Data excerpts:
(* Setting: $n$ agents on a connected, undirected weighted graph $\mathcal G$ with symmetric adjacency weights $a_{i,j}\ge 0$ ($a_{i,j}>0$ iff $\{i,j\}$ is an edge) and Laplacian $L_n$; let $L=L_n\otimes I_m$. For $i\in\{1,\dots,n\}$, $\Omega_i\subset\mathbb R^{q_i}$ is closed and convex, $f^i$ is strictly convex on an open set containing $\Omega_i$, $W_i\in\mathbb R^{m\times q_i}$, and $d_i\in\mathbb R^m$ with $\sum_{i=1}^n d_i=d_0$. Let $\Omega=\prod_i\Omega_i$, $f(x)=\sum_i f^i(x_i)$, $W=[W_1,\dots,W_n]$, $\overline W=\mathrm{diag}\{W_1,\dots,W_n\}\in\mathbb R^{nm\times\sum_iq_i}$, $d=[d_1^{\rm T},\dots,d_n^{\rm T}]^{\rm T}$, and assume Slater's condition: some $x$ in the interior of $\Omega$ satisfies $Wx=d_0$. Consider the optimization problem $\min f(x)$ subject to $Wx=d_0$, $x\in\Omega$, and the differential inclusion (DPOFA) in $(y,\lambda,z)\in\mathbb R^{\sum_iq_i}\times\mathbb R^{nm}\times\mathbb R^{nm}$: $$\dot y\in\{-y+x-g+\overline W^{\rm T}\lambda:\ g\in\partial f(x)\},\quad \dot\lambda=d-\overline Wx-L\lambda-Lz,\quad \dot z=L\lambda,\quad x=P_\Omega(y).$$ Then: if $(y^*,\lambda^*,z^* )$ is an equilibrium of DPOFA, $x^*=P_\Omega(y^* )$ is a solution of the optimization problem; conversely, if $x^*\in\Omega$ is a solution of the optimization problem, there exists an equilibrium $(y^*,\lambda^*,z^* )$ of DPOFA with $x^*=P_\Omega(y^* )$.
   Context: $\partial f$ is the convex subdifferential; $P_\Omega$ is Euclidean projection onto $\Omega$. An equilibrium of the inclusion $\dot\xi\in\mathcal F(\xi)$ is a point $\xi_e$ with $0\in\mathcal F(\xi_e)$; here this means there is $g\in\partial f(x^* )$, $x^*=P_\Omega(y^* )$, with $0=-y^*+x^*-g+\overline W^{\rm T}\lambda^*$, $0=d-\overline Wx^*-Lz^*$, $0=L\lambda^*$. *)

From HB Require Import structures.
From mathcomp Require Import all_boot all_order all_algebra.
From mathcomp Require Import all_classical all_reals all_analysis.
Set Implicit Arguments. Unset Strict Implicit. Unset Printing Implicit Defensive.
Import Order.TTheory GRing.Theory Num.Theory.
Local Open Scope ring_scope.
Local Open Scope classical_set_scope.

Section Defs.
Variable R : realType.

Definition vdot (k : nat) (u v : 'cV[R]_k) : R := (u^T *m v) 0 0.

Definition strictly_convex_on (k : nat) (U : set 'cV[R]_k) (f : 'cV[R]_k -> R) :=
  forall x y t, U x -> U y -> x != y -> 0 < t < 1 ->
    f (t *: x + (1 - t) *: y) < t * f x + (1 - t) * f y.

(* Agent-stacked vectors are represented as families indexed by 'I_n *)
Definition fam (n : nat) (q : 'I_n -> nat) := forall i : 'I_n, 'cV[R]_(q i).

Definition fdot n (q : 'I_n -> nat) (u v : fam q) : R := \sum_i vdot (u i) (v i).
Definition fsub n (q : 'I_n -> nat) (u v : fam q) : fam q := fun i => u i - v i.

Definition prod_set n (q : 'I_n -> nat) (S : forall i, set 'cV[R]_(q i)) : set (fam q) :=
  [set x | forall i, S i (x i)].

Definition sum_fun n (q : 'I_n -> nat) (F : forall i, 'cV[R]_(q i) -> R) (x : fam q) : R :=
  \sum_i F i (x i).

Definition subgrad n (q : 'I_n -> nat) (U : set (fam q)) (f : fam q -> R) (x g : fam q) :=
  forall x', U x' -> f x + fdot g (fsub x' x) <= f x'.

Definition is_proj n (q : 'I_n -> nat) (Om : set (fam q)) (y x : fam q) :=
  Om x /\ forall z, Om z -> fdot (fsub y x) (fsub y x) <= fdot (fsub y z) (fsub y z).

__Work instruction__: Starting with the line above that holds "Local Open Scope ring_scope." and stopping with the line that holds "f (t *: x + (1 - t)", reproduce each line exactly, omitting all other lines.

__Answer below__:
Local Open Scope ring_scope.
Local Open Scope classical_set_scope.

Section Defs.
Variable R : realType.

Definition vdot (k : nat) (u v : 'cV[R]_k) : R := (u^T *m v) 0 0.

Definition strictly_convex_on (k : nat) (U : set 'cV[R]_k) (f : 'cV[R]_k -> R) :=
  forall x y t, U x -> U y -> x != y -> 0 < t < 1 ->
    f (t *: x + (1 - t) *: y) < t * f x + (1 - t) * f y.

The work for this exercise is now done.